▶ **WHAT YOU SHOULD DO**: Using the string "letter" as the key, pull each matching line out of the records below.

◇ ◇ ◇ ◇ ◇ ◇ ◇

Lemma tops_max_split L m R : all (fun y => y < m) L -> all (fun y => y < m) R ->
  tops (L ++ m :: R) = tops L ++ (if R is [::] then [::] else m :: tops R).
Proof.
move=> + ltR; have top_m : tops (m :: R) = if R is [::] then [::] else m :: tops R.
  by case: R ltR => //= b R /andP [->].
elim: L => [|a L IH] //; case/andP=> lt_am /IH {}IH; case: L IH => [|b L] IH.
  by rewrite cat_cons tops_cons2 ltnNge (ltnW lt_am); exact: top_m.
by rewrite [_ ++ _]cat_cons [LHS]tops_cons2 [tops [:: a, b & L]]tops_cons2 -catA -IH.
Qed.

Definition moves (w xs : seq nat) : seq nat := foldl (fun p x => slide x p) w xs.

Lemma moves_perm w xs : perm_eq (moves w xs) w.
Proof. by elim: xs w => //= x xs IH w; apply: perm_trans (IH _) (slide_perm _ _). Qed.

Lemma moves_cons w x xs : moves w (x :: xs) = moves (slide x w) xs.
Proof. by []. Qed.

Lemma moves_cat w xs ys : moves w (xs ++ ys) = moves (moves w xs) ys.
Proof. exact: foldl_cat. Qed.

Lemma moves_catl (P s xs : seq nat) : {in xs, forall x, x \notin P} ->
  moves (P ++ s) xs = P ++ moves s xs.
Proof.
elim: xs s => //= x xs IH s Pxs.
by rewrite slide_catl ?Pxs ?mem_head // IH // => y y_xs; rewrite Pxs // in_cons y_xs orbT.
Qed.

Lemma moves_catr (L R xs : seq nat) m : {subset xs <= L} -> all (fun y => y < m) L ->
  moves (L ++ m :: R) xs = moves L xs ++ m :: R.
Proof.
elim: xs L => //= x xs IH L xsL ltL.
have xL : x \in L by rewrite xsL ?mem_head.
rewrite slide_catr ?(allP ltL) // IH ?(perm_all _ (slide_perm _ _)) // => y y_xs.
by rewrite (perm_mem (slide_perm _ _)) xsL // in_cons y_xs orbT.
Qed.

Definition descent_top (x : nat) (p : seq nat) : Prop :=
  exists A y B, p = A ++ [:: x, y & B] /\ y < x.

Lemma descent_top_cat (P Q : seq nat) x s : descent_top x s -> descent_top x (P ++ s ++ Q).
Proof.
by case=> A [y [B [-> lt_yx]]]; exists (P ++ A), y, (B ++ Q); rewrite -!catA.
Qed.

Lemma moves_max_split L m R (ys : seq nat) :
  all (fun y => y < m) L -> all (fun y => y < m) R -> ~~ has (mem L) R ->
  {subset ys <= R} ->
  moves (L ++ m :: R) (tops L ++ m :: ys) = moves L (tops L) ++ moves R ys ++ [:: m].
Proof.
move=> ltL ltR disjLR ysR; have permL := moves_perm L (tops L).
rewrite moves_cat moves_catr //; last exact: mem_tops.
rewrite moves_cons slide_catl; last first.
  by rewrite (perm_mem permL); apply/negP => /(allP ltL); rewrite ltnn.
rewrite slide_max // moves_catl ?moves_catr // => y /ysR yR.
by rewrite (perm_mem permL); apply: contra disjLR => yL; apply/hasP; exists y.
Qed.

Lemma stack_sort_moves w : uniq w -> stack_sort w = moves w (tops w).
Proof.
move: w; apply: uniq_max_ind => // L m R ltL ltR disjLR IHL IHR.
have leR : all (fun y => y <= m) R by apply: sub_all ltR => y /ltnW.
rewrite stack_sort_max_split // tops_max_split // IHL IHR.
case: R ltR leR disjLR IHR => [|b R] ltR _ disjLR _.
  by rewrite cats0 moves_catr //; exact: mem_tops.
by rewrite moves_max_split //; exact: mem_tops.
Qed.

Lemma descent_top_moves w : uniq w -> forall k, k < size (tops w) ->
  descent_top (nth 0 (tops w) k) (moves w (take k (tops w))).
Proof.
move: w; apply: uniq_max_ind => // L m R ltL ltR disjLR IHL IHR k.
rewrite tops_max_split // size_cat nth_cat take_cat => lt_k.
have [lt_kL | le_Lk] := ltnP k (size (tops L)).
  rewrite moves_catr //; last by move=> y /mem_take; exact: mem_tops.
  exact: (descent_top_cat [::] (m :: R) (IHL k lt_kL)).
case: R ltR disjLR IHR lt_k => [|b R] ltR disjLR IHR lt_k.
  by move: lt_k; rewrite addn0 ltnNge le_Lk.
have [k' def_k] : exists k', k = size (tops L) + k'.
  by exists (k - size (tops L)); rewrite subnKC.
move: lt_k; rewrite def_k addKn ltn_add2l; case: k' {def_k} => [_ | k' lt_k'].
  rewrite take0 cats0 moves_catr //; last exact: mem_tops.
  by exists (moves L (tops L)), b, R; rewrite (allP ltR) ?mem_head.
rewrite take_cons moves_max_split //; last by move=> y /mem_take; exact: mem_tops.
exact: (descent_top_cat (moves L (tops L)) [:: m] (IHR k' lt_k')).
Qed.

Lemma filter_iota_first (P : pred nat) a d N : d < N ->
  (forall i, i < d -> ~~ P (a + i)) -> P (a + d) ->
  exists t, filter P (iota a N) = (a + d) :: t.
Proof.
move=> lt_dN before at_d; rewrite -(subnKC (ltnW lt_dN)) iotaD filter_cat.
have -> : filter P (iota a d) = [::].
  apply/eqP; rewrite -[_ == _]negbK -has_filter; apply/hasPn => j.
  by rewrite mem_iota => /andP [le_aj lt_j]; rewrite -(subnKC le_aj) before // ltn_subLR.
by rewrite -subnSK //= at_d; eexists.
Qed.

Lemma find_gt_sentinel x b (C : seq nat) : x \notin C -> x < b ->
  let q := find (fun z => x < z) C in
  (forall i, i < q -> nth 0 (C ++ [:: b]) i < x) /\ x < nth 0 (C ++ [:: b]) q.
Proof.
move=> xC lt_xb q; have le_qC : q <= size C := find_size _ _.
split=> [i lt_iq | ].
  have lt_iC := leq_trans lt_iq le_qC.
  rewrite nth_cat lt_iC ltn_neqAle leqNgt before_find // andbT.
  by apply: contraNneq xC => <-; rewrite mem_nth.
rewrite nth_cat; have [lt_qC | _] := ltnP q (size C).
  by apply: (nth_find 0 (a := fun z => x < z)); rewrite has_find.
by move: le_qC; rewrite -subn_eq0 => /eqP ->.
Qed.

(* The letters following a descent top x up to the first letter exceeding x
   (the sentinel n+1 if there is none) are all below x, so the first gap
   c_j < x < c_{j+1} searched by r^x is right before that letter. *)
Lemma r_move_slide x (p : seq nat) : uniq p -> descent_top x p -> x <= size p ->
  r_move x p = slide x p.
Proof.
move=> + [A [y [B [def_p lt_yx]]]]; rewrite def_p; set C := y :: B.
rewrite cat_uniq /= negb_or => /and3P [_ /andP [xA _] /andP [xC _]] le_xn.
set n := size _ in le_xn *; set q := find (fun z => x < z) C.
have q_gt0 : 0 < q by rewrite /q /= (leq_gtF (ltnW lt_yx)).
have le_qC : q <= size C := find_size _ _.
have nth_c i :
    nth 0 ((A ++ x :: C) ++ [:: n.+1]) ((size A).+1 + i) = nth 0 (C ++ [:: n.+1]) i.
  by rewrite -catA nth_cat addSnnS ltnNge leq_addr /= addKn.
have [lt_before gt_at] := find_gt_sentinel xC (le_xn : x < n.+1).
have index_x : index x (A ++ x :: C) = size A.
  by rewrite index_cat (negbTE xA) /= eqxx addn0.
have size_C : n - (size A).+1 = size C by rewrite /n size_cat /= addnS subSS addKn.
have drop_p k : drop ((size A).+1 + k) (A ++ x :: C) = drop k C.
  by rewrite -cat_rcons drop_cat size_rcons ltnNge leq_addr /= addKn.
set P := fun j => (nth 0 ((A ++ x :: C) ++ [:: n.+1]) j < x)
                  && (x < nth 0 ((A ++ x :: C) ++ [:: n.+1]) j.+1).
have no_jump_before i : i < q.-1 -> ~~ P ((size A).+1 + i).
  move=> lt_i; rewrite /P -addnS !nth_c negb_and; apply/orP; right.
  by rewrite -leqNgt ltnW // lt_before // -ltn_predRL.
have jump_at : P ((size A).+1 + q.-1).
  by rewrite /P -addnS !nth_c prednK // gt_at lt_before // ltn_predL.
have lt_qC : q.-1 < size C by apply: leq_trans le_qC; rewrite ltn_predL.
have [t filt] := filter_iota_first lt_qC no_jump_before jump_at.
rewrite /r_move index_x -/n size_C filt /= take_size_cat // addSnnS prednK // addKn.
rewrite -addSn !drop_p -[(size A).+1]addn0 drop_p drop0.
by rewrite slide_catl //= eqxx.
Qed.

◇ ◇ ◇ ◇ ◇ ◇ ◇

▶ **RESPONSE BELOW**:
(* The letters following a descent top x up to the first letter exceeding x
   c_j < x < c_{j+1} searched by r^x is right before that letter. *)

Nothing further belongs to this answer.